--- START ---

Definition multilinear (R : nzRingType) (l n : nat)
  (g : {ffun 'I_n -> 'rV[R]_(2 * l)} -> R) : Prop :=
  forall (x : {ffun 'I_n -> 'rV[R]_(2 * l)}) (k : 'I_n) (a : R) (u v : 'rV[R]_(2 * l)),
    g (upd x k (a *: u + v)) = a * g (upd x k u) + g (upd x k v).

Definition alternating (R : nzRingType) (l n : nat)
  (g : {ffun 'I_n -> 'rV[R]_(2 * l)} -> R) : Prop :=
  forall (x : {ffun 'I_n -> 'rV[R]_(2 * l)}) (i j : 'I_n), i != j -> x i = x j -> g x = 0.

(* h in /\(V^* ): a family (h^n)_n of alternating multilinear n-forms
   (for n > 2l these are automatically 0). *)
Definition exterior_form (R : nzRingType) (l : nat)
  (h : forall n : nat, {ffun 'I_n -> 'rV[R]_(2 * l)} -> R) : Prop :=
  forall n, multilinear (h n) /\ alternating (h n).

(* A (multi)graph with loops: vertex set V, edge set E, each edge e has
   ends end1 e, end2 e (equal for a loop). *)

Definition deg (V E : finType) (end1 end2 : E -> V) (v : V) : nat :=
  (#|[set e | end1 e == v]| + #|[set e | end2 e == v]|)%N.

Definition eulerian (V E : finType) (end1 end2 : E -> V) : Prop :=
  forall v, ~~ odd (deg end1 end2 v).

Definition tail (V E : finType) (end1 end2 : E -> V) (om : E -> bool) (e : E) : V :=
  if om e then end1 e else end2 e.
Definition head (V E : finType) (end1 end2 : E -> V) (om : E -> bool) (e : E) : V :=
  if om e then end2 e else end1 e.

Definition eulerian_orientation (V E : finType) (end1 end2 : E -> V) (om : E -> bool) : Prop :=
  forall v, #|[set e | head end1 end2 om e == v]| = #|[set e | tail end1 end2 om e == v]|.

(* Since each arc enters exactly
   one vertex (its head) and leaves exactly one vertex (its tail), the family
   (kappa^-_v)_v is encoded by kin : E -> nat (label of the arc at its head),
   and (kappa^+_v)_v by kout : E -> nat (label of the arc at its tail).
   kappa^-_v : delta^-(v) -> {1,3,...,d(v)-1} bijective,
   kappa^+_v : delta^+(v) -> {2,4,...,d(v)}   bijective. *)
Definition compatible_ordering (V E : finType) (end1 end2 : E -> V) (om : E -> bool)
  (kin kout : E -> nat) : Prop :=
  forall v : V,
    let d := deg end1 end2 v in
    {in [set e | head end1 end2 om e == v] &, injective kin} /\
    (forall e, head end1 end2 om e = v -> odd (kin e) /\ (kin e < d)%N) /\
    (forall i, odd i -> (i < d)%N -> exists e, head end1 end2 om e = v /\ kin e = i) /\
    {in [set e | tail end1 end2 om e == v] &, injective kout} /\
    (forall e, tail end1 end2 om e = v -> ~~ odd (kout e) /\ (0 < kout e <= d)%N) /\
    (forall i, ~~ odd i -> (0 < i <= d)%N -> exists e, tail end1 end2 om e = v /\ kout e = i).

Definition arc_at (V E : finType) (end1 end2 : E -> V) (om : E -> bool)
  (kin kout : E -> nat) (v : V) (i : nat) : option E :=
  if odd i then [pick e | (head end1 end2 om e == v) && (kin e == i)]
  else [pick e | (tail end1 end2 om e == v) && (kout e == i)].

Definition ksucc (V E : finType) (end1 end2 : E -> V) (om : E -> bool)
  (kin kout : E -> nat) (a : E) : E :=
  odflt a [pick b | (tail end1 end2 om b == head end1 end2 om a) && (kout b == (kin a).+1)].

Definition ncircuits (V E : finType) (end1 end2 : E -> V) (om : E -> bool)
  (kin kout : E -> nat) : nat :=
  #|[set [set b | fconnect (ksucc end1 end2 om kin kout) a b] | a : E]|.

(* Indices are 0-based: phi : E -> 'I_l stands for [l] = {1..l}, and
   psi : E -> bool stands for E -> {0, l} (true |-> l).  The index
   (phi + psi)(e) in [2l] is phi e + l * psi e (0-based). *)
Definition vec_of (R : nzRingType) (l : nat) (E : finType) (g : E -> 'rV[R]_(2 * l))
  (o : option E) : 'rV[R]_(2 * l) :=
  if o is Some e then g e else 0.

(* The d(v)-fold tensor  (x) _{i=1,3,..,d-1} e_{..(kappa^-1(i))} (x) f_{..(kappa^-1(i+1))};
   argument j (0-based) carries label j+1. *)
Definition local_args (R : nzRingType) (l : nat) (V E : finType) (end1 end2 : E -> V)
  (om : E -> bool) (kin kout : E -> nat) (idx : E -> nat) (v : V)
  : {ffun 'I_(deg end1 end2 v) -> 'rV[R]_(2 * l)} :=
  [ffun j : 'I_(deg end1 end2 v) =>
     if odd j then vec_of (fun e => fvec R l (idx e)) (arc_at end1 end2 om kin kout v j.+1)
     else vec_of (fun e => evec R l (idx e)) (arc_at end1 end2 om kin kout v j.+1)].

Definition s_hphi (R : nzRingType) (l : nat)
  (h : forall n : nat, {ffun 'I_n -> 'rV[R]_(2 * l)} -> R)
  (V E : finType) (end1 end2 : E -> V) (phi : E -> 'I_l)
  (om : E -> bool) (kin kout : E -> nat) : R :=
  (-1) ^+ ncircuits end1 end2 om kin kout *
  \sum_(psi : {ffun E -> bool})
    \prod_(v : V)
      h (deg end1 end2 v)
        (@local_args R l V E end1 end2 om kin kout (fun e => (phi e + l * psi e)%N) v).

(* For fixed psi the summand of s_{h,phi} is a product over the vertices v of h
   applied to vectors sitting on the darts (half-edges) at v, listed in the order
   given by kappa.  Passing from (omega1, kappa1) to (omega2, kappa2) while replacing
   psi by psi + l [omega1 <> omega2] changes every dart vector by a sign, because
   f_k = - e_(k+l) and f_(k+l) = e_k, and permutes the darts inside each vertex,
   which costs the sign of that permutation since every h^n is alternating.
   To compute the latter, each kappa yields a bijection from E x bool onto the
   darts, sending the two copies of an arc to the dart where it enters a vertex
   and the dart where its kappa-successor leaves it; two such bijections differ
   by an even permutation, and the sign of each is (-1)^(|E| + c(G,kappa))
   times (-1)^#{e | omega e}.  All signs cancel except (-1)^(c(G,kappa1) + c(G,kappa2)),
   which is absorbed by the prefactors. *)

From Pilot Require Import Defs.
From HB Require Import structures.
From mathcomp Require Import all_boot all_order all_algebra all_fingroup.
From mathcomp Require Import ring.
Set Implicit Arguments. Unset Strict Implicit. Unset Printing Implicit Defensive.
Import Order.TTheory GRing.Theory Num.Theory.
Local Open Scope ring_scope.

Lemma upd_id (R : nzRingType) (l n : nat) (x : {ffun 'I_n -> 'rV[R]_(2 * l)}) k :
  upd x k (x k) = x.
Proof. by apply/ffunP => j; rewrite ffunE; case: eqP => // ->. Qed.

Section AlternatingForm.
Variables (R : comNzRingType) (l n : nat).
Variable g : {ffun 'I_n -> 'rV[R]_(2 * l)} -> R.
Hypothesis g_lin : multilinear g.

Lemma multilinear_upd0 x k : g (upd x k 0) = 0.
Proof.
have := g_lin x k 1 0 0; rewrite scaler0 addr0 mul1r => double.
by apply: (@addrI _ (g (upd x k 0))); rewrite addr0 -double.
Qed.

Lemma multilinear_updZ x k a u : g (upd x k (a *: u)) = a * g (upd x k u).
Proof. by have := g_lin x k a u 0; rewrite addr0 multilinear_upd0 addr0. Qed.

Lemma multilinear_updD x k u v : g (upd x k (u + v)) = g (upd x k u) + g (upd x k v).
Proof. by have := g_lin x k 1 u v; rewrite scale1r mul1r. Qed.

Lemma multilinear_scale (c : 'I_n -> R) (x : {ffun 'I_n -> 'rV[R]_(2 * l)}) :
  g [ffun m => c m *: x m] = (\prod_m c m) * g x.
Proof.
suff scale_on s : uniq s ->
    g [ffun m => if m \in s then c m *: x m else x m] = (\prod_(m <- s) c m) * g x.
  have := scale_on (enum 'I_n) (enum_uniq _); rewrite big_enum /=.
  by under eq_ffun do rewrite mem_enum.
elim: s => [_|a s IHs /= /andP[a_notin_s uniq_s]].
  by rewrite big_nil mul1r; congr g; apply/ffunP => m; rewrite !ffunE.
set y := [ffun m => if m \in s then c m *: x m else x m].
have -> : [ffun m => if m \in a :: s then c m *: x m else x m] = upd y a (c a *: y a).
  apply/ffunP => m; rewrite !ffunE inE.
  by have [->|_] := eqVneq m a; rewrite ?(negbTE a_notin_s).
by rewrite multilinear_updZ upd_id IHs // big_cons mulrA.
Qed.

Hypothesis g_alt : alternating g.

Lemma alternating_tperm (x : {ffun 'I_n -> 'rV[R]_(2 * l)}) (i j : 'I_n) : i != j ->
  g [ffun m => x (tperm i j m)] = - g x.
Proof.
move=> nij.
pose y a b := [ffun m => if m == i then a else if m == j then b else x m].
have upd_i a a' b : upd (y a' b) i a = y a b.
  by apply/ffunP => m; rewrite !ffunE; case: eqP.
have upd_j a b b' : upd (y a b') j b = y a b.
  apply/ffunP => m; rewrite !ffunE; case: (m =P j) => [->|//].
  by rewrite eq_sym (negbTE nij).
have addl u w b : g (y (u + w) b) = g (y u b) + g (y w b).
  by rewrite -(upd_i _ u) multilinear_updD !upd_i.
have addr a u w : g (y a (u + w)) = g (y a u) + g (y a w).
  by rewrite -(upd_j _ _ u) multilinear_updD !upd_j.
have diag a : g (y a a) = 0.
  by apply: (g_alt nij); rewrite !ffunE eqxx eq_sym (negbTE nij) eqxx.
have -> : x = y (x i) (x j).
  by apply/ffunP => m; rewrite !ffunE; case: (m =P i) => [->|_] //; case: (m =P j) => // ->.
have -> : [ffun m => y (x i) (x j) (tperm i j m)] = y (x j) (x i).
  apply/ffunP => m; rewrite !ffunE; case: tpermP => [->|->|/eqP nim /eqP njm].
  - by rewrite !eqxx eq_sym (negbTE nij).
  - by rewrite !eqxx eq_sym (negbTE nij).
  - by rewrite (negbTE nim) (negbTE njm).
apply/eqP; rewrite -addr_eq0; apply/eqP.
by have := diag (x i + x j); rewrite addl !addr !diag add0r addr0 addrC.
Qed.

End AlternatingForm.

Section BlockForm.
Variables (R : comNzRingType) (l : nat).
Variable h : forall n : nat, {ffun 'I_n -> 'rV[R]_(2 * l)} -> R.
Hypothesis h_ext : exterior_form h.
Variables (D V : finType) (block : D -> V) (arity : V -> nat) (dart : V -> nat -> D).
Hypothesis dart_block : forall v (j : 'I_(arity v)), block (dart v j) = v.
Hypothesis dart_inj : forall v (j k : 'I_(arity v)), dart v j = dart v k -> j = k.
Hypothesis dart_surj : forall v x, block x = v -> exists j : 'I_(arity v), dart v j = x.

Definition block_form (z : D -> 'rV[R]_(2 * l)) : R :=
  \prod_v h [ffun j : 'I_(arity v) => z (dart v j)].

Lemma eq_block_form z z' : z =1 z' -> block_form z = block_form z'.
Proof.
by move=> eq_z; apply: eq_bigr => v _; congr h; apply/ffunP => j; rewrite !ffunE eq_z.
Qed.

Lemma block_form_tperm z x y : x != y -> block x = block y ->
  block_form (fun u => z (tperm x y u)) = - block_form z.
Proof.
move=> nxy bxy; rewrite /block_form (bigD1 (block x)) //= [in RHS](bigD1 (block x)) //=.
rewrite -mulNr; congr (_ * _); last first.
  apply: eq_bigr => u ux; congr h; apply/ffunP => j; rewrite !ffunE tpermD //.
    by apply: contraNneq ux => ->; rewrite dart_block.
  by apply: contraNneq ux => eyd; rewrite bxy eyd dart_block.
set v := block x.
have [j dart_j] := dart_surj (erefl v).
have [k dart_k] := dart_surj (esym bxy).
have njk : j != k by apply: contraNneq nxy => ejk; rewrite -dart_j -dart_k ejk.
have [h_lin h_alt] := h_ext (arity v).
rewrite -(alternating_tperm h_lin h_alt _ njk); congr h; apply/ffunP => m; rewrite !ffunE.
case: (tpermP j k m) => [->|->|/eqP nmj /eqP nmk]; rewrite -?dart_j -?dart_k ?tpermL ?tpermR //.
rewrite tpermD //; apply/eqP => /dart_inj ejm.
  by move: nmj; rewrite ejm eqxx.
by move: nmk; rewrite ejm eqxx.
Qed.

Lemma block_form_perm (b : {perm D}) : (forall x, block (b x) = block x) ->
  forall z, block_form (fun u => z (b u)) = (-1) ^+ odd_perm b * block_form z.
Proof.
have [N] := ubnP #|[pred x | b x != x]|.
elim: N b => // N IHN b /ltnSE-moved_le_N b_block z.
have [x bx | b_id] := pickP (fun x => b x != x); last first.
  have -> : b = 1%g by apply/permP=> y; apply/eqP/idPn; rewrite perm1 b_id.
  by rewrite odd_perm1 mul1r; apply: eq_block_form => u; rewrite perm1.
pose t := tperm x (b x); pose c := (b * t)%g.
have bct : b = (c * t)%g by rewrite /c -mulgA tperm2 mulg1.
have c_block y : block (c y) = block y.
  rewrite permM /t; case: tpermP => [eyx|eyb|_ _]; rewrite ?b_block //.
    by rewrite -eyx b_block.
  by rewrite -(b_block x) -eyb b_block.
have c_moved : (#|[pred y | c y != y]| < N)%N.
  rewrite (cardD1 x) !inE bx in moved_le_N; apply: leq_ltn_trans moved_le_N.
  apply: subset_leq_card; apply/subsetP=> y; rewrite !inE /c permM /t.
  have [-> | ne_yx] := eqVneq y x; first by rewrite tpermR eqxx.
  case: tpermP => [eyx _|/perm_inj eyx|//]; first by rewrite eyx eq_sym.
  by rewrite eyx eqxx in ne_yx.
rewrite (@eq_block_form _ (fun u => z (t (c u)))); last by move=> u; rewrite bct permM.
rewrite (IHN c c_moved c_block (fun w => z (t w))) block_form_tperm ?b_block //; last first.
  by rewrite eq_sym.
by rewrite bct odd_permM odd_tperm eq_sym bx signr_addb expr1 mulrN mulrN1 mulNr.
Qed.

Lemma block_form_scale (c : D -> R) z :
  block_form (fun u => c u *: z u) = (\prod_u c u) * block_form z.
Proof.
rewrite /block_form; under eq_bigr => v _.
  have [h_lin _] := h_ext (arity v).
  rewrite (_ : [ffun j => _] =
    [ffun j : 'I_(arity v) => c (dart v j) *: [ffun j : 'I_(arity v) => z (dart v j)] j]);
    last by apply/ffunP => j; rewrite !ffunE.
  rewrite multilinear_scale //; over.
rewrite big_split /=; congr (_ * _).
rewrite (partition_big block xpredT) //=; apply: eq_bigr => v _.
rewrite (eq_bigl (mem [set dart v (nat_of_ord j) | j : 'I_(arity v)])); last first.
  move=> u; apply/eqP/imsetP => [bu|[j _ ->]]; last by rewrite dart_block.
  by have [j <-] := dart_surj bu; exists j.
by rewrite big_imset //= => j k _ _ /dart_inj.
Qed.

End BlockForm.

Section DartPerms.
Variable E : finType.
Local Notation D := (E * bool)%type.

Lemma odd_perm_morph (L : {perm E} -> {perm D}) (b : bool) :
  {morph L : s t / (s * t)%g} ->
  (forall a c : E, a != c -> odd_perm (L (tperm a c)) = b) ->
  forall s, odd_perm (L s) = b && odd_perm s.
Proof.
move=> LM Ltperm s; have [ts -> dts] := prod_tpermP s.
elim: ts dts => [_|t ts IHts /= /andP[dt dts]].
  rewrite big_nil odd_perm1 andbF.
  by have := odd_permM (L 1%g) (L 1%g); rewrite -LM mulg1 addbb.
rewrite big_cons LM odd_permM Ltperm // IHts // odd_mul_tperm dt.
by case: b {Ltperm IHts}; case: (odd_perm _).
Qed.

Lemma pair_neq_fst (a c : E) (b : bool) : a != c -> (a, b) != (c, b).
Proof. by apply: contra => /eqP [->]. Qed.

Lemma perm_on_false_inj (s : {perm E}) :
  injective (fun x : D => if x.2 then x else (s x.1, false)).
Proof. by move=> [a [|]] [c [|]] //= [] // /perm_inj ->. Qed.
Definition perm_on_false s := perm (@perm_on_false_inj s).

Lemma odd_perm_on_false s : odd_perm (perm_on_false s) = odd_perm s.
Proof.
apply: (@odd_perm_morph perm_on_false true).
  by move=> s1 s2; apply/permP => -[a [|]]; rewrite !permM !permE.
move=> a c nac; suff -> : perm_on_false (tperm a c) = tperm (a, false) (c, false).
  by rewrite odd_tperm pair_neq_fst.
apply/permP => -[e [|]]; rewrite [in LHS]permE /=.
  by rewrite tpermD // xpair_eqE andbF.
case: tpermP => [->|->|/eqP ne_ae /eqP ne_ce]; rewrite ?tpermL ?tpermR //.
by rewrite tpermD // pair_neq_fst // eq_sym.
Qed.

--- END ---

◆ **Work required**: Using only the entries above, output the line with "by apply/ffunP => m; rewrite !ffunE; case: eqP.", the line with "Lemma block_form_tperm z", and all lines between them, exactly as they stand.

◆ **Answer box**:
  by apply/ffunP => m; rewrite !ffunE; case: eqP.
have upd_j a b b' : upd (y a b') j b = y a b.
  apply/ffunP => m; rewrite !ffunE; case: (m =P j) => [->|//].
  by rewrite eq_sym (negbTE nij).
have addl u w b : g (y (u + w) b) = g (y u b) + g (y w b).
  by rewrite -(upd_i _ u) multilinear_updD !upd_i.
have addr a u w : g (y a (u + w)) = g (y a u) + g (y a w).
  by rewrite -(upd_j _ _ u) multilinear_updD !upd_j.
have diag a : g (y a a) = 0.
  by apply: (g_alt nij); rewrite !ffunE eqxx eq_sym (negbTE nij) eqxx.
have -> : x = y (x i) (x j).
  by apply/ffunP => m; rewrite !ffunE; case: (m =P i) => [->|_] //; case: (m =P j) => // ->.
have -> : [ffun m => y (x i) (x j) (tperm i j m)] = y (x j) (x i).
  apply/ffunP => m; rewrite !ffunE; case: tpermP => [->|->|/eqP nim /eqP njm].
  - by rewrite !eqxx eq_sym (negbTE nij).
  - by rewrite !eqxx eq_sym (negbTE nij).
  - by rewrite (negbTE nim) (negbTE njm).
apply/eqP; rewrite -addr_eq0; apply/eqP.
by have := diag (x i + x j); rewrite addl !addr !diag add0r addr0 addrC.
Qed.

End AlternatingForm.

Section BlockForm.
Variables (R : comNzRingType) (l : nat).
Variable h : forall n : nat, {ffun 'I_n -> 'rV[R]_(2 * l)} -> R.
Hypothesis h_ext : exterior_form h.
Variables (D V : finType) (block : D -> V) (arity : V -> nat) (dart : V -> nat -> D).
Hypothesis dart_block : forall v (j : 'I_(arity v)), block (dart v j) = v.
Hypothesis dart_inj : forall v (j k : 'I_(arity v)), dart v j = dart v k -> j = k.
Hypothesis dart_surj : forall v x, block x = v -> exists j : 'I_(arity v), dart v j = x.

Definition block_form (z : D -> 'rV[R]_(2 * l)) : R :=
  \prod_v h [ffun j : 'I_(arity v) => z (dart v j)].

Lemma eq_block_form z z' : z =1 z' -> block_form z = block_form z'.
Proof.
by move=> eq_z; apply: eq_bigr => v _; congr h; apply/ffunP => j; rewrite !ffunE eq_z.
Qed.

Lemma block_form_tperm z x y : x != y -> block x = block y ->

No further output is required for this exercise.